Friday, February 15, 2008

Multicultural UK "soft target" for terrorism

LONDON (Reuters) - Multicultural Britain is a "soft target" for terrorist attacks because its aims, values and political identity are divided, a leading defence think-tank said on Friday.
How much to integrate ethnic communities in Britain has been a hot political issue since four British Islamist suicide bombers killed 52 people on London's transport system in 2005.
The attacks sparked a debate on whether Britain's policy of avoiding imposing a single British identity and instead promoting a multicultural society had led to segregation of ethnic minorities.
In a report strongly rebutted by the government, the Royal United Services Institute (RUSI) said: "We look like a soft touch.
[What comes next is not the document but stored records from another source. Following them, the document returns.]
(* Let $(a_i)_{i\ge0}$ be positive integers with $a_{2k}=1$ for all $k\geq0$ (the $a_{2k+1}$ arbitrary positive integers). Let $\ell$ be the irrational number with simple continued fraction $[a_0;a_1,a_2,\dots]$ and set $\theta=e^{2/\ell}$. Then $\mathcal A_\theta=\emptyset$. In particular, for every positive integer $c$, if $\theta=e^{-c+\sqrt{c(c+4)}}$ then $\mathcal A_\theta=\emptyset$.
   Context: $\lfloor x\rfloor$ is the floor of $x$; $\log$ is the natural logarithm. For real $\theta>1$ and positive integer $n$, $M'_\theta(n)=\left\lfloor 1/(\theta^{1/n}-1)\right\rfloor$, and $\mathcal A_\theta=\{n\in\mathbb N: M'_\theta(n)\neq \lfloor n/\log\theta-1/2\rfloor\}$, where $\mathbb N$ is the set of positive integers. $[a_0;a_1,a_2,\dots]$ denotes an infinite simple continued fraction. *)

From Stdlib Require Import Reals ZArith.
Open Scope R_scope.

(* floor of a real number: up x is the unique integer with x < up x <= x + 1 *)
Definition Rfloor (x : R) : Z := (up x - 1)%Z.

Definition Mprime (theta : R) (n : nat) : Z :=
  Rfloor (/ (Rpower theta (/ INR n) - 1)).

Definition in_A (theta : R) (n : nat) : Prop :=
  (0 < n)%nat /\ Mprime theta n <> Rfloor (INR n / ln theta - / 2).

(* finite continued fraction [a_k; a_{k+1}, ..., a_{k+n}] *)
Fixpoint cf_fin (a : nat -> nat) (k n : nat) : R :=
  match n with
  | O => INR (a k)
  | S m => INR (a k) + / cf_fin a (S k) m
  end.

Definition cf_value (a : nat -> nat) (l : R) : Prop :=
  Un_cv (fun n => cf_fin a 0 n) l.

(* Put x = 2/(n l), so that theta^(1/n) = e^x and n / log theta - 1/2 = 1/x - 1/2.
   Since 1/x - 1/2 < 1/(e^x - 1) < 1/x - 1/2 + x/12, the two floors can only differ
   if an integer k satisfies n l < 2k + 1 < n l + 1/(3 n l), i.e. if some odd p has
   0 < n (p - n l) < 1/(3 l) <= 1/3.  This is excluded by the property
   "q (p - q x) >= 1/3 whenever q x < p", which holds for 1 and is preserved by
   y |-> [1; A, y]: writing p = q + r and s = q - r A, one has
   (A y + 1) (p - q [1; A, y]) = r - s y, and either s <= 0 (a concavity argument
   in q) or 0 < s < q (descent to the pair (s, r) for y).  Hence the property holds
   for the even convergents, for their limit, and for the purely periodic
   [1; c, 1, c, ...] = 2 / (-c + sqrt (c (c + 4))). *)

From Stdlib Require Import Reals ZArith Lra Lia Psatz.
From Coquelicot Require Import Coquelicot.
Open Scope R_scope.

Lemma pos_of_deriv_pos (f df : R -> R) :
  f 0 = 0 -> (forall x, 0 <= x -> is_derive f x (df x)) ->
  (forall x, 0 < x -> 0 < df x) -> forall x, 0 < x -> 0 < f x.
Proof.
  intros f0 f_df df_pos x x_pos.
  destruct (MVT_cor2 f df 0 x x_pos) as [c [f_mvt c_in]].
  { intros c c_in. apply is_derive_Reals, f_df. lra. }
  assert (0 < df c) by (apply df_pos; lra).
  rewrite f0 in f_mvt. nra.
Qed.

Lemma exp_pade_lower x : 0 < x -> (2 - x) * exp x < 2 + x.
Proof.
  assert (H1 : forall x, 0 < x -> 0 < 1 - (1 - x) * exp x).
  { apply (pos_of_deriv_pos _ (fun x => x * exp x)).
    - rewrite exp_0. ring.
    - intros t _. auto_derive; auto. ring.
    - intros t t_pos. apply Rmult_lt_0_compat; [exact t_pos | apply exp_pos]. }
  assert (H0 : forall x, 0 < x -> 0 < (2 + x) - (2 - x) * exp x).
  { apply (pos_of_deriv_pos _ (fun x => 1 - (1 - x) * exp x)).
    - rewrite exp_0. ring.
    - intros t _. auto_derive; auto. ring.
    - exact H1. }
  intros x_pos. specialize (H0 x x_pos). lra.
Qed.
We are indeed a soft touch, from within and without."
The report, based on the findings of former military chiefs, diplomats and analysts, concluded:
"The country's lack of self-confidence is in stark contrast to the implacability of its Islamist terrorist enemy."
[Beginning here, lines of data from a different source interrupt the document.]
Lemma sum_row_orth_const m (U : 'M[R]_(m, #|T|)) i :
  U *m ones_col #|T| = 0 -> \sum_a U i (enum_rank a) = 0.
Proof.
move/(congr1 (fun M : 'M_(m, 1) => M i 0)); rewrite !mxE => U1.
by rewrite -[RHS]U1 big_ord_enum_rank; apply: eq_bigr => a _; rewrite mxE mulr1.
Qed.

Lemma fun_mx_mul_const f r : (forall a, \sum_b f a b = r) ->
  fun_mx f *m ones_col #|T| = r *: ones_col #|T|.
Proof.
move=> f_row; apply/matrixP => i j; rewrite !mxE mulr1 -(f_row (enum_val i)).
by rewrite big_ord_enum_rank; apply: eq_bigr => b _; rewrite !mxE !enum_rankK mulr1.
Qed.

Lemma const_mul_fun_mx f r : (forall b, \sum_a f a b = r) ->
  ones_row #|T| *m fun_mx f = r *: ones_row #|T|.
Proof.
move=> f_col; apply/matrixP => i j; rewrite -[j]enum_valK mulmx_fun_mxE !mxE mulr1.
by rewrite -(f_col (enum_val j)); apply: eq_bigr => a _; rewrite mxE mul1r.
Qed.

End FunMatrix.

Lemma const_row_sums_fun_mx (R : nzRingType) (T : finType) (f : T -> T -> R) :
  const_row_sums (fun_mx f) -> forall a a', \sum_b f a b = \sum_b f a' b.
Proof.
have rowE a : \sum_b f a b = \sum_j fun_mx f (enum_rank a) j.
  by rewrite big_ord_enum_rank; apply: eq_bigr => b _; rewrite mxE !enum_rankK.
by case=> r f_row a a'; rewrite !rowE !f_row.
Qed.

Section CprodMatrix.
Variables (R : numFieldType) (k : nat) (T : 'I_k -> finType).
Variable d : forall l, T l -> T l -> R.
Arguments d : clear implicits.
Local Notation V := {dffun forall l : 'I_k, T l}.
Variables (y0 : V) (rho : 'I_k -> R).
Hypothesis d_sym : forall l a b, d l a b = d l b a.
Hypothesis d_row : forall l a, \sum_b d l a b = rho l.
Local Notation DG := (fun_mx (cprod_fun d)).

Definition fibre_size l : R := \sum_(y : V | y l == y0 l) 1.
Definition rho_cprod : R := \sum_l rho l * fibre_size l.
Definition lift_mx l : 'M[R]_(#|T l|, #|V|) :=
  \matrix_(a, q) ((enum_val q : V) l == enum_val a)%:R.
Definition orth_part l : 'M[R]_(\rank (kermx (ones_col #|T l|))) :=
  restrictmx (kermx (ones_col #|T l|)) (fun_mx (d l)).

Lemma fibre_size_gt0 l : 0 < fibre_size l.
Proof.
rewrite /fibre_size (bigD1 y0) //= ltr_pwDl ?ltr01 //.
by apply: sumr_ge0 => y _; apply: ler01.
Qed.

Lemma mulmx_lift_mxE m l (U : 'M[R]_(m, #|T l|)) i (y : V) :
  (U *m lift_mx l) i (enum_rank y) = U i (enum_rank (y l)).
Proof.
rewrite mxE (bigD1 (enum_rank (y l))) //= mxE !enum_rankK eqxx mulr1.
rewrite big1 ?addr0 // => a ne; rewrite mxE enum_rankK.
by case: eqP => [ya|_]; [case/eqP: ne; rewrite ya enum_valK | rewrite mulr0].
Qed.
"The security of the United Kingdom is at risk and under threat," it said.
The report called for the creation of a new cabinet committee to oversee security policy.
It said another parliamentary committee should seek to build consensus and identify security weaknesses.
"The United Kingdom presents itself as a target, as a fragmenting, post-Christian society, increasingly divided about interpretations of its history, about its national aims, its values and in its political identity," the RUSI report said.
"That fragmentation is worsened by the firm self-image of those elements within it who refuse to integrate.
"This is a problem worsened by the lack of leadership from the majority, which, in mis-placed deference to multiculturalism,' failed to lay down the line to immigrant communities, thus undercutting those within them trying to fight extremism."
That provoked a robust response from the government with a cabinet office spokesman saying: "The government rejects any suggestion that Britain is a soft touch for terrorists."
"We have a detailed and robust strategy for countering international terrorism."
Labour MP Keith Vaz said the report was wrong to blame multiculturalism for fostering terrorism.
"I think one of the problems with this report is that they've not actually looked at our multicultural society to see what benefits it has given the country. It hasn't been a soft touch for terrorism," he told BBC Radio.